The majority of U.S. citizens received tax refunds during the 2023 filing season, and the experts urge that the high amount of the refund may not be as positive as it initially appears. The average refund has steadily increased over the past decade, reaching nearly $3,200, but experts predict that this trend may not be in the best interest of recipients due to worsening household debt. Large tax refunds, albeit appealing at first sight, may not actually be beneficial to Americans, advising that individuals would be better off maintaining correct withholding and redirecting that money to earn interest in a bank account instead.
When consumers are faced with record-high borrowing rates and accumulating household debt, affirmatively receiving a large tax refund may be a sign of excessive withholding from paychecks, indicating that many individuals are providing the government with an interest-free loan.
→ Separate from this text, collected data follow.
Lemma surj_dup_label n N (f : 'I_(1 + N) -> 'I_n) :
  (forall i, exists u, f u = i) -> (n <= N)%N ->
  exists (s : 'S_(1 + N)) (p : 'I_N),
    let f' u := f (s (lift ord0 u)) in
    (forall i, exists u, f' u = i) /\ forall x, f (s x) = dup_label f' p x.
Proof.
move=> f_surj nN.
have [q [p qp fqp]] : exists q, exists2 p, q != p & f q = f p.
  apply/injectivePn; apply: contraTN nN => /injectiveP /leq_card.
  by rewrite !card_ord -ltnNge.
pose s := tperm ord0 q.
have s_lift w : w != q -> exists j, s w = lift ord0 j.
  move=> wq; case: (unliftP ord0 (s w)) => [j ->|sw0]; first by exists j.
  by move: wq; rewrite -(tpermK ord0 q w) -/s sw0 tpermL eqxx.
have [p' sp'] : exists p', s p = lift ord0 p' by apply: s_lift; rewrite eq_sym.
exists s, p'; split.
- move=> i; have [u fu] := f_surj i.
  have [w wq fw] : exists2 w, w != q & f w = i.
    have [uq|] := eqVneq u q; last by exists u.
    by exists p; [rewrite eq_sym | rewrite -fqp -uq].
  by have [j sj] := s_lift w wq; exists j; rewrite -sj tpermK.
- move=> x; case: (unliftP ord0 x) => [j ->|->]; first by rewrite /dup_label liftK.
  by rewrite /dup_label unlift_none -sp' tpermK tpermL.
Qed.

(* [F] holds the eigenvalues added after those of [sg], which the diagonal must avoid. *)
Lemma blowup_extend_spectrum (R : rcfType) n (G : rel 'I_n) (A : 'M[R]_n) :
  (forall i j, G i j = G j i) -> in_SG (blowup_rel G id) A ->
  forall (sg F : seq R) m (f : 'I_m -> 'I_n),
  m = (n + size sg)%N -> (forall i, exists u, f u = i) ->
  (forall i, A i i \notin F ++ sg) ->
  exists A' : 'M[R]_m, [/\ in_SG (blowup_rel G f) A', forall u, A' u u \notin F &
    char_poly A' = char_poly A * \prod_(x <- sg) ('X - x%:P)].
Proof.
move=> Gsym ASG; elim=> [|lam sg IH] F m f mE f_surj Adiag.
  rewrite addn0 in mE; subst m; pose s := perm (surj_card_inj f_surj erefl).
  exists (row_perm s (col_perm s A)); split.
  - by apply: in_SG_blowup_perm ASG => x; rewrite /= permE.
  - by move=> u; rewrite !mxE; have := Adiag (s u); rewrite cats0.
  - by rewrite char_poly_perm_conj big_nil mulr1.
rewrite addnS in mE; subst m.
have [s [p [f'_surj fsE]]] := surj_dup_label f_surj (leq_addr _ _).
have Adiag' i : A i i \notin (lam :: F) ++ sg.
  by move: (Adiag i); rewrite cat_cons !(mem_cat, in_cons) orbCA.
have [B [BSG Bdiag Bchar]] := IH (lam :: F) _ _ erefl f'_surj Adiag'.
have [N [NSG Ndiag Nchar]] := duplicate_vertex p Gsym BSG Bdiag.
exists (row_perm s^-1 (col_perm s^-1 N)); split.
- by apply: in_SG_blowup_perm NSG => x; rewrite /= -fsE permKV.
- by move=> u; rewrite !mxE.
- by rewrite char_poly_perm_conj Nchar Bchar big_cons mulrCA.
Qed.

Theorem lemma2p4 (R : realType) (n m : nat) (G : rel 'I_n) (H : rel 'I_m)
    (sigma' : seq R) (A : 'M[R]_n) :
  simple_graph G -> simple_graph H -> is_blowup G H ->
  size sigma' = (m - n)%N ->
  in_SG G A ->
  (forall i : 'I_n, A i i \notin sigma') ->
  exists A' : 'M[R]_m,
    in_SG H A' /\
    (forall s : seq R, spectrum_is A s -> spectrum_is A' (s ++ sigma')).
Proof.
move=> [Gsym _] _ [f [f_surj fH]] sigma'_size [AT Apat] Adiag.
have ASG : in_SG (blowup_rel G id) A.
  by split=> // u v uv; rewrite Apat // /blowup_rel (negbTE uv).
have mE : m = (n + size sigma')%N.
  by rewrite sigma'_size subnKC // (surj_leq_card f_surj).
have [A' [[A'T A'pat] _ A'char]] :=
  blowup_extend_spectrum Gsym ASG (F := [::]) mE f_surj Adiag.
exists A'; split; first by split=> // u v uv; rewrite A'pat // fH.
by move=> s; rewrite /spectrum_is A'char => ->; rewrite big_cat.
Qed.
(* theta = cos z dx + sin z dy has d theta = -(cos z dy^dz + sin z dz^dx), so mu is the
   constant volume form -1/2 dx^dy^dz and the Reeb field is (cos z, sin z, 0), whose orbit at
   height pi/3 has irrational slope sqrt 3.

   For a strict contact field X, differentiating the three components of L_X theta = 0 and
   using the symmetry of second derivatives shows that X3 is constant along each Reeb line,
   while the transverse component -sin z X1 + cos z X2 grows along it with slope X3.
   Periodicity bounds that component along a sequence of times going to infinity, so X3 = 0,
   and then X1, X2 depend on z alone.  Hence i_X mu = -1/2 (X1 dy^dz + X2 dz^dx), which is
   exact once the means of X1 and X2 (two constants) are removed: the periodic primitives of
   the mean-free parts give the primitive form.  Constant 2-forms are not exact, since
   integrating a constant curl over a period of the 2-torus gives zero. *)

Lemma upd_get p i : upd p i (get p i) = p.
Proof. destruct p as [[x y] z]; destruct i; reflexivity. Qed.

Lemma get_upd p i t : get (upd p i t) i = t.
Proof. destruct p as [[x y] z]; destruct i; reflexivity. Qed.

Lemma upd_upd p i s t : upd (upd p i s) i t = upd p i t.
Proof. destruct p as [[x y] z]; destruct i; reflexivity. Qed.

Lemma get_upd_neq p i j t : i <> j -> get (upd p j t) i = get p i.
Proof. destruct p as [[x y] z]; destruct i, j; simpl; congruence. Qed.

Lemma upd_swap p i j s t : i <> j -> upd (upd p i s) j t = upd (upd p j t) i s.
Proof. destruct p as [[x y] z]; destruct i, j; simpl; congruence. Qed.

Lemma continuous_pair {U V W : UniformSpace} (f : U -> V) (g : U -> W) x :
  continuous f x -> continuous g x -> continuous (fun t => (f t, g t)) x.
Proof.
  intros Hf Hg. apply (continuous_comp_2 f g pair); auto.
  apply continuous_ext with (f := fun y => y); [intros [a b]; reflexivity|].
  apply continuous_id.
Qed.

Lemma continuous_upd {U : UniformSpace} (f : U -> pt) (g : U -> R) i x :
  continuous f x -> continuous g x -> continuous (fun w => upd (f w) i (g w)) x.
Proof.
  intros Hf Hg.
  assert (Hfst : continuous (fun w => fst (f w)) x)
    by (apply (continuous_comp f fst); [|apply continuous_fst]; auto).
  assert (H1 : continuous (fun w => fst (fst (f w))) x)
    by (apply (continuous_comp (fun w => fst (f w)) fst); [|apply continuous_fst]; auto).
  assert (H2 : continuous (fun w => snd (fst (f w))) x)
    by (apply (continuous_comp (fun w => fst (f w)) snd); [|apply continuous_snd]; auto).
  assert (H3 : continuous (fun w => snd (f w)) x)
    by (apply (continuous_comp f snd); [|apply continuous_snd]; auto).
  destruct i; simpl; repeat apply continuous_pair; auto.
Qed.

Lemma continuous_line p i t : continuous (fun s => upd p i s) t.
Proof. apply continuous_upd; [apply continuous_const|apply continuous_id]. Qed.

Lemma continuity_2d_pt_comp (G : pt -> R) (h : R * R -> pt) a b :
  continuous h (a, b) -> continuous G (h (a, b)) ->
  continuity_2d_pt (fun u v => G (h (u, v))) a b.
Proof.
  intros Hh HG. apply continuity_2d_pt_filterlim.
  eapply filterlim_ext; [|exact (continuous_comp h G (a, b) Hh HG)].
  intros [u v]; reflexivity.
Qed.

Lemma partial_ext f g i p : (forall q, f q = g q) -> partial i f p = partial i g p.
Proof. intros H; unfold partial; apply Derive_ext; intros; apply H. Qed.

Lemma partial_const c i p : partial i (fun _ => c) p = 0.
Proof. unfold partial; apply Derive_const. Qed.

Lemma iter_partial_app l i f :
  iter_partial l (partial i f) = iter_partial (l ++ i :: nil) f.
Proof. induction l as [|a l IH]; simpl; [reflexivity|now rewrite IH]. Qed.

Lemma smooth_partial f i : smooth f -> smooth (partial i f).
Proof. intros H l; rewrite iter_partial_app; apply H. Qed.

Lemma smooth_continuous f p : smooth f -> continuous f p.
Proof. intros H; apply (proj1 (H nil)). Qed.

Lemma smooth_ex_derive f i p :
  smooth f -> ex_derive (fun t => f (upd p i t)) (get p i).
Proof. intros H; apply (proj2 (H nil)). Qed.

Lemma smooth_is_derive f i p :
  smooth f -> is_derive (fun t => f (upd p i t)) (get p i) (partial i f p).
Proof. intros H; apply Derive_correct, smooth_ex_derive, H. Qed.

Definition plane (p : pt) (i j : coord) (u v : R) : pt := upd (upd p i u) j v.

Section Plane.

Variables (p : pt) (i j : coord).
Hypothesis Hij : i <> j.

Lemma plane_get : plane p i j (get p i) (get p j) = p.
Proof. unfold plane. now rewrite !upd_get. Qed.

Lemma get_plane_l u v : get (plane p i j u v) i = u.
Proof. unfold plane. rewrite get_upd_neq, get_upd by auto. reflexivity. Qed.

Lemma get_plane_r u v : get (plane p i j u v) j = v.
Proof. apply get_upd. Qed.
In today’s circumstances, particularly when credit card debt continues to grow and balance, the experts argue that minimizing tax withholdings to pay off consumer debts is a more effective use of funds rather than receiving a large tax refund from the IRS. The latest data reveals that nationwide credit card debt balances peaked at $1.13 trillion in late 2023, sending average credit card debt per cardholder to $6,864.
This news highlights that taxpayers have the ability to revise withholding at any time, as the IRS permits individuals to adjust paycheck withholdings by resubmitting a W-4 form to their employer. However, when undergoing significant life changes like marriage or divorce, tax brackets and filing status often change accordingly. The financial experts warn to be cautious of potential underpayment penalties from the IRS, advising that it is both advantageous to receive a slight refund and not end up in a position where available funds are insufficient to pay taxes, incurring penalties with interest.